### What you are asked to do
Lines from the line with "Definition ltl_realizable (X" to the line with "additionally raising [alive]" in the entries below, and only those, must be output exactly, with both ends included.
Start of Data supplied
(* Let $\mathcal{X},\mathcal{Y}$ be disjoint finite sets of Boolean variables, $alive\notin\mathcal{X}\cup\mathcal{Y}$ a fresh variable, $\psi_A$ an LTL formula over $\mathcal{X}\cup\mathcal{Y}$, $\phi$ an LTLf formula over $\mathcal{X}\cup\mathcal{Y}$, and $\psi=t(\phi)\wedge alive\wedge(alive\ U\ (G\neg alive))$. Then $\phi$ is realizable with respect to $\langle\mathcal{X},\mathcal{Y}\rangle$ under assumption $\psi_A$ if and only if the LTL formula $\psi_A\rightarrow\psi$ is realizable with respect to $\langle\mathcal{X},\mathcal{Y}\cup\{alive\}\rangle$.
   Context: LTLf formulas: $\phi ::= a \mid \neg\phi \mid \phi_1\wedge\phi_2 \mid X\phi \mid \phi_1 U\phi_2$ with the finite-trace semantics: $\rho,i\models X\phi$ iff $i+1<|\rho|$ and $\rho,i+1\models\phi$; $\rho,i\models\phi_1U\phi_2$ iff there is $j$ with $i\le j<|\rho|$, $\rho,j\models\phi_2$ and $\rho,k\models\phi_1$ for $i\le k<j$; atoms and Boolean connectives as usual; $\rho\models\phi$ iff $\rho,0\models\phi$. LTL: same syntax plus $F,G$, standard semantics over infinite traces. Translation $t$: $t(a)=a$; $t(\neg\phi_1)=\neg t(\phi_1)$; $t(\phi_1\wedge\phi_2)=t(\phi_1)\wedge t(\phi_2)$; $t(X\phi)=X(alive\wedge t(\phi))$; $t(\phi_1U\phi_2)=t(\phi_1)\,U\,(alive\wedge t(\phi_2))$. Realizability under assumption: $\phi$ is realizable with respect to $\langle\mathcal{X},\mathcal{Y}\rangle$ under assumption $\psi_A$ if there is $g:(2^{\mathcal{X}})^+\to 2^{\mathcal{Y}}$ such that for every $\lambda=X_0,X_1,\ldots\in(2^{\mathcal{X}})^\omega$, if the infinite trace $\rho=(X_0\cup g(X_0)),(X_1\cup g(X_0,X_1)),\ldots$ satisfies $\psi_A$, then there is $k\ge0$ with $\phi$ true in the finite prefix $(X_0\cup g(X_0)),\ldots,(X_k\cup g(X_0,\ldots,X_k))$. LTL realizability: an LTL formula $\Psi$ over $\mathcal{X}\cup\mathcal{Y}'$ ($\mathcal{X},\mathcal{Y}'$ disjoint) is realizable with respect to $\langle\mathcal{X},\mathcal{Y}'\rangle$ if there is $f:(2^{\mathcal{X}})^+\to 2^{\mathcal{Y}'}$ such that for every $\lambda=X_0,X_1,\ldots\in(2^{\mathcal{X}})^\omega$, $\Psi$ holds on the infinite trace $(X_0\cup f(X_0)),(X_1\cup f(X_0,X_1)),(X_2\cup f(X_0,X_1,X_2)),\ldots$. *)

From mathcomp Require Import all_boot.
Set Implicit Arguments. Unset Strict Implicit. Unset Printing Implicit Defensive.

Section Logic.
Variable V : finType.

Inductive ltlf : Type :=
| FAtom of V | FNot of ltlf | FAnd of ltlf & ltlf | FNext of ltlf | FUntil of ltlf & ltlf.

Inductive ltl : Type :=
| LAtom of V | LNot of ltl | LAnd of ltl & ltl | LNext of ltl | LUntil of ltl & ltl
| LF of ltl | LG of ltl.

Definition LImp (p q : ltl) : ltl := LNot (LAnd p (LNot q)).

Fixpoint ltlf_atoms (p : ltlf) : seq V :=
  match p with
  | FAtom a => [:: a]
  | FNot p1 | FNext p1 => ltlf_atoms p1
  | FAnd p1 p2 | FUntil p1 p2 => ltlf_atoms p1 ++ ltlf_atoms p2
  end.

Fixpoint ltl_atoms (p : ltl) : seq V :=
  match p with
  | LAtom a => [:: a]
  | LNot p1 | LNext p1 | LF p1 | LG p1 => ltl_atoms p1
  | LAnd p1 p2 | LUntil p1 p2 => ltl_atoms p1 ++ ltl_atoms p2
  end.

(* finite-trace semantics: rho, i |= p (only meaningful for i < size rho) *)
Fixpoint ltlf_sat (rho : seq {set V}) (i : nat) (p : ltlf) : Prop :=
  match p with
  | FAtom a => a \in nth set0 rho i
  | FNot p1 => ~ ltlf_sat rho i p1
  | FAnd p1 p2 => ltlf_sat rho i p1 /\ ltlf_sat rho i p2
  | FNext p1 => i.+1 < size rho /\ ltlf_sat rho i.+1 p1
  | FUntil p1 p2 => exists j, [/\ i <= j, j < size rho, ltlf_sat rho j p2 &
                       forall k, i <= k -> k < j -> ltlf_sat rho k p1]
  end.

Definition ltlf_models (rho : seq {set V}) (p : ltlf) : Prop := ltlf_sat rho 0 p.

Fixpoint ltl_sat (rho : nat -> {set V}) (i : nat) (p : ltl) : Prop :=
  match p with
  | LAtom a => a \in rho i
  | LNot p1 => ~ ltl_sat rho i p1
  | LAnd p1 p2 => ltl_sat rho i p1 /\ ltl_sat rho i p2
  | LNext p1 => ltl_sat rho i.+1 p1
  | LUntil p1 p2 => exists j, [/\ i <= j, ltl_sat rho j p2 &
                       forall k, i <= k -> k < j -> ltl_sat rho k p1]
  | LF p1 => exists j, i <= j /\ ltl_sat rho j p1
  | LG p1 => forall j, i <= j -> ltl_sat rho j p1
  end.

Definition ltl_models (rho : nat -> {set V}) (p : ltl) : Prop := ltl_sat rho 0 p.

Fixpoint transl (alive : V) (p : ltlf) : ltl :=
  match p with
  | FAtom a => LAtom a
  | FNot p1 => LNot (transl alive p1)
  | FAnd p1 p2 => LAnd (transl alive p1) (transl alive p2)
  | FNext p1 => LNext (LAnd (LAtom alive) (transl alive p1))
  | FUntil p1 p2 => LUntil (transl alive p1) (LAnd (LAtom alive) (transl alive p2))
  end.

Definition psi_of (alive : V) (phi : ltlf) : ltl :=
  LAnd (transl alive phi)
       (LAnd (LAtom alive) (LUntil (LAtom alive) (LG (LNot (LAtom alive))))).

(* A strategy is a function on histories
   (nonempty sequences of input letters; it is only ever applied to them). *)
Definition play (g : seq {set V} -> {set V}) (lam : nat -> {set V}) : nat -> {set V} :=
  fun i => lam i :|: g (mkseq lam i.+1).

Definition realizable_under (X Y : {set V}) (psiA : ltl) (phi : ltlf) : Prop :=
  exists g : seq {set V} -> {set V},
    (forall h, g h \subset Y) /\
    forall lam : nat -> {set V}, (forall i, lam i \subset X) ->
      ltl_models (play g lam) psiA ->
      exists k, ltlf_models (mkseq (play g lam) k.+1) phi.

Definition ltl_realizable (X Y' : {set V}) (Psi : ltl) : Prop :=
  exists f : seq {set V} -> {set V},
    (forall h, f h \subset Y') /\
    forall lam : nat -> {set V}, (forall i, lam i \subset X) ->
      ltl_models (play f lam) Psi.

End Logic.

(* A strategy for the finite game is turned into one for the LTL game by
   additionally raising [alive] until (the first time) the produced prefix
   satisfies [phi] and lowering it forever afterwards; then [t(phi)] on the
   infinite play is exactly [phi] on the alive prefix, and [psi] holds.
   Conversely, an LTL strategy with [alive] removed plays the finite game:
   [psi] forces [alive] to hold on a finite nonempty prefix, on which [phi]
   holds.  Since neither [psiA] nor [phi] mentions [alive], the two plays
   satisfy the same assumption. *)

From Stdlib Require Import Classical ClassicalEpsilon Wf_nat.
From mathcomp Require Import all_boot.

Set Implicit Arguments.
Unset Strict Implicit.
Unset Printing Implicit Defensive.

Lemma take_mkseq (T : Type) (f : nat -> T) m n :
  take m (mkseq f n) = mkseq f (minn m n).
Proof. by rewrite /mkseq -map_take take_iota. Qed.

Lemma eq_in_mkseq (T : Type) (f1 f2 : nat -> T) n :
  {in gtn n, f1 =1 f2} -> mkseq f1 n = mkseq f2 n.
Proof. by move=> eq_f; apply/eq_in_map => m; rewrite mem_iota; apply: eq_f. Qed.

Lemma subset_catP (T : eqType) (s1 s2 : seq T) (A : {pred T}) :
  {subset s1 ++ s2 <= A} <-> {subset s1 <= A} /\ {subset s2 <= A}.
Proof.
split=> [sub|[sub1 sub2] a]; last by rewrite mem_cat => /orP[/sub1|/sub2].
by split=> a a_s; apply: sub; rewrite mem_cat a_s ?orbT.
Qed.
End of Data supplied
### Response
Definition ltl_realizable (X Y' : {set V}) (Psi : ltl) : Prop :=
  exists f : seq {set V} -> {set V},
    (forall h, f h \subset Y') /\
    forall lam : nat -> {set V}, (forall i, lam i \subset X) ->
      ltl_models (play f lam) Psi.

End Logic.

(* A strategy for the finite game is turned into one for the LTL game by
   additionally raising [alive] until (the first time) the produced prefix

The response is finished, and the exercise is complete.